The screenplay was written by Mr. Kaufman and Rose Kaufman. They introduce a few extra characters. They also introduce situations that help to suggest what the climate is like past a 10-block radius. This is the radius of the intersection of the Grand Concourse and Fordham Road. The most prominent of these is a friendly love interest. This is shown by a girl who is shown carrying her guitar. She is also having a copy of "Lady Chatterley's Lover." The year is 1963. There is also an amazing reference to the assassination of John F. Kennedy. This is accompanied with a rock song played over footage of the killing.

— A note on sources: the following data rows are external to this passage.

(* Let $n\ge1$ and let $X$ be a lazy simple random walk on the cycle $\mathbb{Z}_n=\{0,1,\dots,n-1\}$. Then for every $\alpha\in(0,1)$, \[ t_{\mathrm{H}}(\alpha)=t_{\mathrm{mov}}(\alpha). \]
   Context: The lazy simple random walk on $\mathbb{Z}_n$ stays put with probability $1/2$ and otherwise moves to $x+1$ or $x-1$ (mod $n$) with probability $1/4$ each; $\pi$ denotes its stationary (uniform) distribution. For a set $A$, $\tau_A=\inf\{t\ge0:X_t\in A\}$ and $t_{\mathrm{H}}(\alpha)=\max_{x,\,A:\pi(A)\ge\alpha}\mathbb{E}_x[\tau_A]$. Let $\mathcal{A}(\alpha)$ be the set of sequences $A=(A_t)_{t\ge0}$ of subsets of $\mathbb{Z}_n$ with $\pi(A_t)\ge\alpha$ for all $t$; for such $A$ let $\tau_A=\inf\{t\ge0:X_t\in A_t\}$ and $t_{\mathrm{mov}}(\alpha)=\sup_{x,\,A\in\mathcal{A}(\alpha)}\mathbb{E}_x[\tau_A]$. *)

From HB Require Import structures.
From mathcomp Require Import all_boot all_order all_algebra.
From mathcomp Require Import all_classical all_reals.
From mathcomp Require Import ereal topology normedtype sequences.
Set Implicit Arguments. Unset Strict Implicit. Unset Printing Implicit Defensive.
Import Order.TTheory GRing.Theory Num.Theory.
Local Open Scope ring_scope.

Section LazyCycle.
Variables (R : realType) (n : nat).

Definition cyc_succ (z : 'I_n) : nat := (z.+1 %% n)%N.
Definition cyc_pred (z : 'I_n) : nat := ((z + n).-1 %% n)%N.

(* transition kernel: stay w.p. 1/2, move to z+1 or z-1 (mod n) w.p. 1/4 each
   (indicators are added, so coinciding targets for n = 1, 2 are handled) *)
Definition lazyP (z y : 'I_n) : R :=
  (z == y)%:R / 2 + (cyc_succ z == y)%:R / 4 + (cyc_pred z == y)%:R / 4.

Definition piU (A : {set 'I_n}) : R := #|A|%:R / n%:R.

(* sub-probability vector of the chain started at x, killed upon
   hitting the moving target: q t y = P_x(X_t = y, X_s \notin A_s for s <= t) *)
Fixpoint surv_vec (x : 'I_n) (A : nat -> {set 'I_n}) (t : nat) : 'I_n -> R :=
  match t with
  | 0 => fun y => ((y == x) && (y \notin A 0%N))%:R
  | t'.+1 => fun y => (y \notin A t)%:R *
                      \sum_(z : 'I_n) surv_vec x A t' z * lazyP z y
  end.

Definition surv_prob (x : 'I_n) (A : nat -> {set 'I_n}) (t : nat) : R :=
  \sum_(y : 'I_n) surv_vec x A t y.

(* E_x[tau_A] = \sum_{t >= 0} P_x(tau_A > t)  (in the extended reals) *)
Definition exp_hit (x : 'I_n) (A : nat -> {set 'I_n}) : \bar R :=
  limn (fun N : nat => (\sum_(0 <= t < N) (surv_prob x A t)%:E)%E).

Definition t_H (alpha : R) : \bar R :=
  ereal_sup [set e | exists (x : 'I_n) (A : {set 'I_n}),
                       alpha <= piU A /\ e = exp_hit x (fun _ => A)].
Lemma RC_near_x0 : exists d M, 0 < d /\ 0 <= M /\ forall z, dist5 x0 z < d ->
  dom eRC z /\
  (forall k j, (k < 3)%nat -> (j < 4)%nat -> Rabs (eval (hess k j) z - hess0 k j) < 1/20) /\
  (forall k j l, (k < 3)%nat -> (j < 5)%nat -> (l < 5)%nat -> Rabs (eval (third k j l) z) <= M).
Proof.
  destruct (exprs_near (eRC :: hess_list) x0 (1/20) ltac:(lra)) as [d1 [Hd1 Hd1']].
  { intros e [<-|He]; [apply dom_eRC_x0|].
    apply in_flat_map in He as [k [_ He]]. apply in_map_iff in He as [j [<- _]].
    apply dom_hess, dom_eRC_x0. }
  destruct (exprs_bounded_near third_list x0) as [d3 [M [Hd3 [HM HM']]]].
  { intros e He. apply in_flat_map in He as [k [_ He]]. apply in_flat_map in He as [j [_ He]].
    apply in_map_iff in He as [l [<- _]]. apply dom_third, dom_eRC_x0. }
  exists (Rmin d1 d3), M. split; [apply Rmin_pos; auto|]. split; auto.
  intros z Hz.
  assert (Hz1 : dist5 x0 z < d1) by (eapply Rlt_le_trans; [exact Hz|apply Rmin_l]).
  assert (Hz3 : dist5 x0 z < d3) by (eapply Rlt_le_trans; [exact Hz|apply Rmin_r]).
  split; [|split].
  - apply (Hd1' z Hz1 eRC). left; auto.
  - intros k j Hk Hj. rewrite <- hess_x0 by auto. apply (Hd1' z Hz1). right.
    apply in_flat_map. exists k. split; [apply in_seq; lia|].
    apply in_map, in_seq. lia.
  - intros k j l Hk Hj Hl. apply (HM' z Hz3).
    apply in_flat_map. exists k. split; [apply in_seq; lia|].
    apply in_flat_map. exists j. split; [apply in_seq; lia|].
    apply in_map, in_seq. lia.
Qed.

Lemma prod_perturb_bound u w e v eta : Rabs (e - v) < eta ->
  Rabs (u * (w * e) - v * (u * w)) <= eta * (u * u + w * w) / 2.
Proof.
  intro H. replace (u * (w * e) - v * (u * w)) with ((u * w) * (e - v)) by ring.
  rewrite Rabs_mult.
  assert (Huw : Rabs (u * w) <= (u * u + w * w) / 2).
  { apply Rabs_le. pose proof (Rle_0_sqr (u + w)); pose proof (Rle_0_sqr (u - w)).
    unfold Rsqr in *. split; nra. }
  pose proof (Rabs_pos (e - v)); pose proof (Rabs_pos (u * w)). nra.
Qed.

Definition lin3 (m : nat -> nat -> R) (k : nat) (h0 h1 h2 : R) : R :=
  h0 * m k 0%nat + h1 * m k 1%nat + h2 * m k 2%nat.

Definition qform3 (m : nat -> nat -> R) (h0 h1 h2 : R) : R :=
  h0 * lin3 m 0 h0 h1 h2 + h1 * lin3 m 1 h0 h1 h2 + h2 * lin3 m 2 h0 h1 h2.

(* [Hess] is positive definite with smallest eigenvalue about 2/3, which absorbs a
   perturbation of each entry by less than 1/20. *)
Lemma hess_perturbed_psd (m : nat -> nat -> R) h0 h1 h2 :
  (forall i j, (i < 3)%nat -> (j < 3)%nat -> Rabs (m i j - hess0 i j) < 1/20) ->
  0 <= qform3 m h0 h1 h2.
Proof.
  intro Hm.
  assert (Hb : forall i j u w, (i < 3)%nat -> (j < 3)%nat ->
            Rabs (u * (w * m i j) - hess0 i j * (u * w)) <= (u * u + w * w) / 40).
  { intros i j u w Hi Hj. eapply Rle_trans; [apply prod_perturb_bound, Hm; auto|lra]. }
  pose proof (Hb 0 0 h0 h0)%nat as H00. pose proof (Hb 0 1 h0 h1)%nat as H01.
  pose proof (Hb 0 2 h0 h2)%nat as H02. pose proof (Hb 1 0 h1 h0)%nat as H10.
  pose proof (Hb 1 1 h1 h1)%nat as H11. pose proof (Hb 1 2 h1 h2)%nat as H12.
  pose proof (Hb 2 0 h2 h0)%nat as H20. pose proof (Hb 2 1 h2 h1)%nat as H21.
  pose proof (Hb 2 2 h2 h2)%nat as H22. clear Hb Hm.
  repeat match goal with
         | H : (?i < 3)%nat -> _ |- _ => specialize (H ltac:(lia))
         | H : Rabs _ <= _ |- _ => apply Rabs_le_between in H
         end.
  unfold qform3, lin3, hess0 in *.
  pose proof (Rle_0_sqr (h0 + h1 + h2 / 6)). pose proof (Rle_0_sqr (h0 - h1)).
  pose proof (Rle_0_sqr (h0 + h1)). pose proof (Rle_0_sqr h2). unfold Rsqr in *.
  lra.
Qed.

There are also some uneasy attempts to show that race relations in the neighborhood are incredibly strained and friendly at the same time.

The four Wanderers in the movie are the easygoing leader Richie (Ken Wahl), the group pipsqueak Joey (John Friedrich), the kindly giant Perry (Tony Ganios) and rakish Buddy (Jim Youngs, younger brother of John Savage). These wanderers are seen at parties, in school and at a mad meaningless football game. Here they are together with their families and with their girlfriends. In one of the best episodes in the film, Richie and Joey get in a game of strip poker. They do this with the nice girl they hardly know (Karen Allen). They also do this with Despite (Toni Kalem), who plays the role of the troublesome girlfriend that Richie ends marrying. He does this even though he is already tired of her at 17.